Lemma cauchy_product_partial (a b : nat -> R) (N : nat) :
  sum_f_R0 (fun n => sum_f_R0 (fun m => a m * b (n - m)%nat) n) N =
  sum_f_R0 (fun m => a m * sum_f_R0 b (N - m)) N.
Proof.
  induction N as [|N IH]; [simpl; ring|].
  rewrite tech5, IH, !tech5, Nat.sub_diag.
  rewrite (sum_eq (fun m => a m * sum_f_R0 b (S N - m))
             (fun m => a m * sum_f_R0 b (N - m) + a m * b (S N - m)%nat)).
  - rewrite plus_sum; simpl; ring.
  - intros i le_iN; replace (S N - i)%nat with (S (N - i)) by lia; rewrite tech5; ring.
Qed.

Lemma cauchy_product_le (a b : nat -> R) (N : nat) :
  (forall i, 0 <= a i) -> (forall i, 0 <= b i) ->
  sum_f_R0 (fun n => sum_f_R0 (fun m => a m * b (n - m)%nat) n) N
  <= sum_f_R0 a N * sum_f_R0 b N.
Proof.
  intros a_ge0 b_ge0; rewrite cauchy_product_partial, Rmult_comm, <- sum_f_R0_mult_l.
  apply sum_Rle; intros i le_iN; rewrite (Rmult_comm (sum_f_R0 b N)).
  apply Rmult_le_compat_l; [apply a_ge0|apply sum_f_R0_incr_N; auto; lia].
Qed.

Lemma cauchy_product_ge (a b : nat -> R) (N M : nat) :
  (forall i, 0 <= a i) -> (forall i, 0 <= b i) ->
  sum_f_R0 a N * sum_f_R0 b M
  <= sum_f_R0 (fun n => sum_f_R0 (fun m => a m * b (n - m)%nat) n) (N + M).
Proof.
  intros a_ge0 b_ge0; rewrite cauchy_product_partial, Rmult_comm, <- sum_f_R0_mult_l.
  apply Rle_trans with (sum_f_R0 (fun m => a m * sum_f_R0 b (N + M - m)) N).
  - apply sum_Rle; intros i le_iN; rewrite Rmult_comm.
    apply Rmult_le_compat_l; [apply a_ge0|apply sum_f_R0_incr_N; auto; lia].
  - apply sum_f_R0_incr_N; [|lia]; intros i.
    apply Rmult_le_pos; [apply a_ge0|apply cond_pos_sum; auto].
Qed.

Lemma is_series_partial_sums (a : nat -> R) (l : R) :
  is_series a l <-> is_lim_seq (sum_f_R0 a) l.
Proof.
  split; intros H.
  - now apply is_lim_seq_Reals, is_series_Reals.
  - now apply is_series_Reals, is_lim_seq_Reals.
Qed.

Lemma partial_sum_le_series (a : nat -> R) (l : R) (N : nat) :
  (forall i, 0 <= a i) -> is_series a l -> sum_f_R0 a N <= l.
Proof. intros a_ge0 Ha; apply sum_incr; [now apply is_series_Reals|exact a_ge0]. Qed.

Lemma series_le_of_partial_sums (a : nat -> R) (l c : R) :
  is_series a l -> (forall N, sum_f_R0 a N <= c) -> l <= c.
Proof.
  intros Ha bound; apply is_series_partial_sums in Ha.
  apply (is_lim_seq_le _ _ _ _ bound Ha (is_lim_seq_const c)).
Qed.

Section ConvolutionPowers.
Variable mu : nat -> R.
Hypothesis mu_ge0 : forall k, 0 <= mu k.
Hypothesis mu_sum1 : is_series mu 1.

Lemma conv_pow_ge0 n m : 0 <= conv_pow mu n m.
Proof.
  revert m; induction n as [|n IH]; intros m; simpl.
  - destruct (Nat.eqb m 0); lra.
  - apply cond_pos_sum; intros; apply Rmult_le_pos; auto.
Qed.

Lemma conv_pow_le1 n m : conv_pow mu n m <= 1.
Proof.
  revert m; induction n as [|n IH]; intros m; simpl.
  - destruct (Nat.eqb m 0); lra.
  - apply Rle_trans with (sum_f_R0 mu m); [|now apply partial_sum_le_series].
    apply sum_Rle; intros i _.
    pose proof (mu_ge0 i); pose proof (IH (m - i)%nat); pose proof (conv_pow_ge0 n (m - i)).
    nra.
Qed.

Lemma conv_pow_1 m : conv_pow mu 1 m = mu m.
Proof.
  destruct m as [|m]; [simpl; ring|].
  change (conv_pow mu 1 (S m))
    with (sum_f_R0 (fun j => mu j * conv_pow mu 0 (S m - j)) (S m)).
  rewrite tech5, sum_eq_R0, Nat.sub_diag; [simpl; ring|].
  intros i le_im; replace (S m - i)%nat with (S (m - i)) by lia; simpl; ring.
Qed.

Lemma conv_pow_at_0 n : conv_pow mu n 0 = mu 0%nat ^ n.
Proof. induction n as [|n IH]; simpl; [reflexivity|]. rewrite IH; ring. Qed.

Lemma conv_pow_mul_le a x b y :
  conv_pow mu a x * conv_pow mu b y <= conv_pow mu (a + b) (x + y).
Proof.
  revert x; induction a as [|a IH]; intros x.
  - destruct x; simpl; [lra|]. rewrite Rmult_0_l; apply conv_pow_ge0.
  - simpl (S a + b)%nat; simpl conv_pow.
    rewrite Rmult_comm, scal_sum.
    apply Rle_trans with (sum_f_R0 (fun j => mu j * conv_pow mu (a + b) (x + y - j)) x).
    + apply sum_Rle; intros j le_jx.
      replace (x + y - j)%nat with (x - j + y)%nat by lia.
      pose proof (IH (x - j)%nat); pose proof (mu_ge0 j); pose proof (conv_pow_ge0 b y).
      nra.
    + apply sum_f_R0_incr_N; [|lia].
      intros; apply Rmult_le_pos; auto; apply conv_pow_ge0.
Qed.

Lemma conv_pow_lt_eq0 : mu 0%nat = 0 -> forall n m, (m < n)%nat -> conv_pow mu n m = 0.
Proof.
  intros mu0 n; induction n as [|n IH]; intros m lt_mn; [lia|]; simpl.
  apply sum_eq_R0; intros [|i] le_im; [rewrite mu0|rewrite IH by lia]; ring.
Qed.

Lemma walk_prob_ge0 n : 0 <= walk_prob mu n.
Proof. destruct n; unfold walk_prob; [lra|apply conv_pow_ge0]. Qed.

Lemma walk_prob_le1 n : walk_prob mu n <= 1.
Proof. destruct n; unfold walk_prob; [lra|apply conv_pow_le1]. Qed.

Lemma walk_prob_supermult j n m : (2 <= j)%nat ->
  mu j * mu 0%nat ^ (j - 2) * walk_prob mu n * walk_prob mu m
  <= walk_prob mu (n + m + j - 1).
Proof.
  intros le2j.
  destruct n as [|n]; [rewrite Rmult_0_r, Rmult_0_l; apply walk_prob_ge0|].
  destruct m as [|m]; [rewrite Rmult_0_r; apply walk_prob_ge0|].
  replace (S n + S m + j - 1)%nat with (S (n + m + j + 0)) by lia.
  unfold walk_prob.
  rewrite <- conv_pow_1, <- conv_pow_at_0.
  pose proof (conv_pow_mul_le (S n) n (S m) m) as step1.
  pose proof (conv_pow_mul_le (S n + S m) (n + m) 1 j) as step2.
  pose proof (conv_pow_mul_le (S n + S m + 1) (n + m + j) (j - 2) 0) as step3.
  replace (S n + S m + 1 + (j - 2))%nat with (S (n + m + j + 0)) in step3 by lia.
  pose proof (conv_pow_ge0 1 j); pose proof (conv_pow_ge0 (j - 2) 0).
  apply Rle_trans with
    (conv_pow mu (S n + S m + 1) (n + m + j) * conv_pow mu (j - 2) 0); [|exact step3].
  replace (conv_pow mu 1 j * conv_pow mu (j - 2) 0 * conv_pow mu (S n) n * conv_pow mu (S m) m)
    with (conv_pow mu (S n) n * conv_pow mu (S m) m * conv_pow mu 1 j * conv_pow mu (j - 2) 0)
    by ring.
  apply Rmult_le_compat_r; auto.
  apply Rle_trans with (conv_pow mu (S n + S m) (n + m) * conv_pow mu 1 j); [|exact step2].
  apply Rmult_le_compat_r; [apply conv_pow_ge0|exact step1].
Qed.

End ConvolutionPowers.

(* [first_passage mu k n]: probability that the walk with steps [K - 1], [K ~ mu],
   started at level [k], first hits level [0] at time [n].  From level [k' + 1]
   the first step leads to [k' + j] with probability [mu j]; the sum over [j] is
   cut at [n'] because from a level above [n'] the walk cannot reach [0] in [n']
   steps. *)
Fixpoint first_passage (mu : nat -> R) (k n : nat) : R :=
  match n, k with
  | O, O => 1
  | O, S _ | S _, O => 0
  | S n', S k' => sum_f_R0 (fun j => mu j * first_passage mu (k' + j) n') n'
  end.

Section FirstPassage.
Variable mu : nat -> R.
Hypothesis mu_ge0 : forall k, 0 <= mu k.
Hypothesis mu_sum1 : is_series mu 1.

Lemma first_passage_ge0 k n : 0 <= first_passage mu k n.
Proof.
  revert k; induction n as [|n IH]; intros [|k]; simpl; try lra.
  apply cond_pos_sum; intros; apply Rmult_le_pos; auto.
Qed.

Lemma first_passage_early k n : (n < k)%nat -> first_passage mu k n = 0.
Proof.
  revert k; induction n as [|n IH]; intros [|k] lt_nk; simpl; try lia; try reflexivity.
  apply sum_eq_R0; intros i _; rewrite IH by lia; ring.
Qed.

Lemma first_passage_succ_level k n :
  first_passage mu (S k) (S n) = sum_f_R0 (fun j => mu j * first_passage mu (k + j) n) n.
Proof. reflexivity. Qed.

(* Reaching [0] from [a + b] means first reaching [b], then [0]. *)
Lemma first_passage_add a b n :
  first_passage mu (a + b) n =
  sum_f_R0 (fun m => first_passage mu a m * first_passage mu b (n - m)) n.
Proof.
  revert a b; induction n as [|n IH]; intros [|a] b.
  - destruct b; simpl; ring.
  - simpl; ring.
  - rewrite decomp_sum by lia; simpl pred.
    rewrite sum_eq_R0 by (intros; simpl; ring).
    simpl (first_passage mu 0 0); simpl (0 + b)%nat; rewrite Nat.sub_0_r; ring.
  - rewrite decomp_sum by lia; simpl pred.
    simpl (first_passage mu (S a) 0); rewrite Rmult_0_l, Rplus_0_l.
    replace (S a + b)%nat with (S (a + b)) by lia; rewrite first_passage_succ_level.
    transitivity (sum_f_R0 (fun j => sum_f_R0 (fun m =>
        mu j * first_passage mu (a + j) m * first_passage mu b (n - m)) n) n).
    + apply sum_eq; intros j _.
      replace (a + b + j)%nat with (a + j + b)%nat by lia.
      rewrite IH, <- sum_f_R0_mult_l; apply sum_eq; intros; ring.
    + rewrite <- sum_f_R0_swap_triangle
        by (intros j m lt_mj; rewrite first_passage_early by lia; ring).
      apply sum_eq; intros m _; rewrite first_passage_succ_level.
      replace (S n - S m)%nat with (n - m)%nat by lia.
      rewrite Rmult_comm, <- sum_f_R0_mult_l; apply sum_eq; intros; ring.
Qed.

Lemma first_passage_le_conv_pow k n :
  (k <= n)%nat -> first_passage mu k n <= conv_pow mu n (n - k).
Proof.
  revert k; induction n as [|n IH]; intros [|k] le_kn.
  - simpl; lra.
  - lia.
  - apply conv_pow_ge0; auto.
  - rewrite first_passage_succ_level.
    replace (S n - S k)%nat with (n - k)%nat by lia; simpl conv_pow.
    rewrite (sum_f_R0_trunc _ (n - k) n) by
      (try lia; intros i lt_i; rewrite first_passage_early by lia; ring).
    apply sum_Rle; intros i le_i; apply Rmult_le_compat_l; auto.
    replace (n - k - i)%nat with (n - (k + i))%nat by lia; apply IH; lia.
Qed.

Lemma first_passage_le_walk_prob n : first_passage mu 1 n <= walk_prob mu n.
Proof.
  destruct n as [|n]; [simpl; lra|].
  pose proof (first_passage_le_conv_pow 1 (S n)) as bound.
  replace (S n - 1)%nat with n in bound by lia; apply bound; lia.
Qed.

Lemma first_passage_mass_le1 k N : sum_f_R0 (first_passage mu k) N <= 1.
Proof.
  revert k; induction N as [|N IH]; intros [|k].
  - simpl; lra.
  - simpl; lra.
  - rewrite decomp_sum, sum_eq_R0 by (try intros; simpl; try lra; lia); simpl; lra.
  - rewrite decomp_sum by lia; simpl pred; simpl (first_passage mu (S k) 0).
    rewrite Rplus_0_l.
    rewrite (sum_eq _ (fun n => sum_f_R0 (fun j => mu j * first_passage mu (k + j) n) n))
      by (intros; apply first_passage_succ_level).
    rewrite sum_f_R0_swap_triangle
      by (intros j n lt_nj; rewrite first_passage_early by lia; ring).
    apply Rle_trans with (sum_f_R0 mu N); [|now apply partial_sum_le_series].
    apply sum_Rle; intros j _; rewrite sum_f_R0_mult_l.
    pose proof (IH (k + j)%nat); pose proof (mu_ge0 j); nra.
Qed.

End FirstPassage.

Lemma pow_le1 (x : R) (n : nat) : 0 <= x <= 1 -> x ^ n <= 1.
Proof. intros; rewrite <- (pow1 n); apply pow_incr; lra. Qed.

Lemma pow_sub_pow_le (x y : R) (j : nat) :
  0 <= y <= x -> x <= 1 -> x ^ j - y ^ j <= INR j * (x - y).
Proof.
  intros y_range x_le1; induction j as [|j IH]; [simpl; lra|].
  rewrite S_INR; simpl.
  assert (0 <= y ^ j) by (apply pow_le; lra).
  assert (y ^ j <= 1) by (apply pow_le1; lra).
  assert (y ^ j <= x ^ j) by (apply pow_incr; lra).
  replace (x * x ^ j - y * y ^ j) with (x * (x ^ j - y ^ j) + y ^ j * (x - y)) by ring.
  nra.
Qed.

Definition pow_tangent_gap (x : R) (k : nat) : R := x ^ k - 1 + INR k * (1 - x).

Lemma pow_tangent_gap_succ x k :
  pow_tangent_gap x (S k) = x * pow_tangent_gap x k + INR k * (1 - x) ^ 2.
Proof. unfold pow_tangent_gap; rewrite S_INR; simpl; ring. Qed.

Lemma pow_tangent_gap_ge0 x k : 0 <= x <= 1 -> 0 <= pow_tangent_gap x k.
Proof.
  intros x_range; induction k as [|k IH]; [unfold pow_tangent_gap; simpl; lra|].
  rewrite pow_tangent_gap_succ; pose proof (pos_INR k).
  assert (0 <= (1 - x) ^ 2) by (apply pow_le; lra).
  assert (0 <= INR k * (1 - x) ^ 2) by (apply Rmult_le_pos; lra).
  nra.
Qed.

Lemma pow_tangent_gap_gt0 x k : 0 <= x < 1 -> (2 <= k)%nat -> 0 < pow_tangent_gap x k.
Proof.
  intros x_range le2k; destruct k as [|[|k]]; try lia.
  rewrite pow_tangent_gap_succ.
  assert (0 <= x * pow_tangent_gap x (S k))
    by (apply Rmult_le_pos; [lra|apply pow_tangent_gap_ge0; lra]).
  assert (1 <= INR (S k)) by (rewrite S_INR; pose proof (pos_INR k); lra).
  assert (0 < (1 - x) ^ 2) by (apply pow_lt; lra).
  nra.
Qed.

Lemma pow_tangent_gap_le_lin x k : 0 <= x <= 1 -> pow_tangent_gap x k <= INR k * (1 - x).
Proof. intros; pose proof (pow_le1 x k); unfold pow_tangent_gap; lra. Qed.

Lemma pow_tangent_gap_le_quad x k :
  0 <= x <= 1 -> pow_tangent_gap x k <= INR k ^ 2 * (1 - x) ^ 2.
Proof.
  intros x_range; induction k as [|k IH]; [unfold pow_tangent_gap; simpl; lra|].
  rewrite pow_tangent_gap_succ, S_INR; pose proof (pos_INR k).
  pose proof (pow_tangent_gap_ge0 x k x_range).
  assert (0 <= (1 - x) ^ 2) by (apply pow_le; lra).
  nra.
Qed.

++++++++++

Set down precisely the lines above between the line holding "Section FirstPassage." and the line holding "replace (S n - S m)%nat", inclusive, and nothing beyond them.

Section FirstPassage.
Variable mu : nat -> R.
Hypothesis mu_ge0 : forall k, 0 <= mu k.
Hypothesis mu_sum1 : is_series mu 1.

Lemma first_passage_ge0 k n : 0 <= first_passage mu k n.
Proof.
  revert k; induction n as [|n IH]; intros [|k]; simpl; try lra.
  apply cond_pos_sum; intros; apply Rmult_le_pos; auto.
Qed.

Lemma first_passage_early k n : (n < k)%nat -> first_passage mu k n = 0.
Proof.
  revert k; induction n as [|n IH]; intros [|k] lt_nk; simpl; try lia; try reflexivity.
  apply sum_eq_R0; intros i _; rewrite IH by lia; ring.
Qed.

Lemma first_passage_succ_level k n :
  first_passage mu (S k) (S n) = sum_f_R0 (fun j => mu j * first_passage mu (k + j) n) n.
Proof. reflexivity. Qed.

(* Reaching [0] from [a + b] means first reaching [b], then [0]. *)
Lemma first_passage_add a b n :
  first_passage mu (a + b) n =
  sum_f_R0 (fun m => first_passage mu a m * first_passage mu b (n - m)) n.
Proof.
  revert a b; induction n as [|n IH]; intros [|a] b.
  - destruct b; simpl; ring.
  - simpl; ring.
  - rewrite decomp_sum by lia; simpl pred.
    rewrite sum_eq_R0 by (intros; simpl; ring).
    simpl (first_passage mu 0 0); simpl (0 + b)%nat; rewrite Nat.sub_0_r; ring.
  - rewrite decomp_sum by lia; simpl pred.
    simpl (first_passage mu (S a) 0); rewrite Rmult_0_l, Rplus_0_l.
    replace (S a + b)%nat with (S (a + b)) by lia; rewrite first_passage_succ_level.
    transitivity (sum_f_R0 (fun j => sum_f_R0 (fun m =>
        mu j * first_passage mu (a + j) m * first_passage mu b (n - m)) n) n).
    + apply sum_eq; intros j _.
      replace (a + b + j)%nat with (a + j + b)%nat by lia.
      rewrite IH, <- sum_f_R0_mult_l; apply sum_eq; intros; ring.
    + rewrite <- sum_f_R0_swap_triangle
        by (intros j m lt_mj; rewrite first_passage_early by lia; ring).
      apply sum_eq; intros m _; rewrite first_passage_succ_level.
      replace (S n - S m)%nat with (n - m)%nat by lia.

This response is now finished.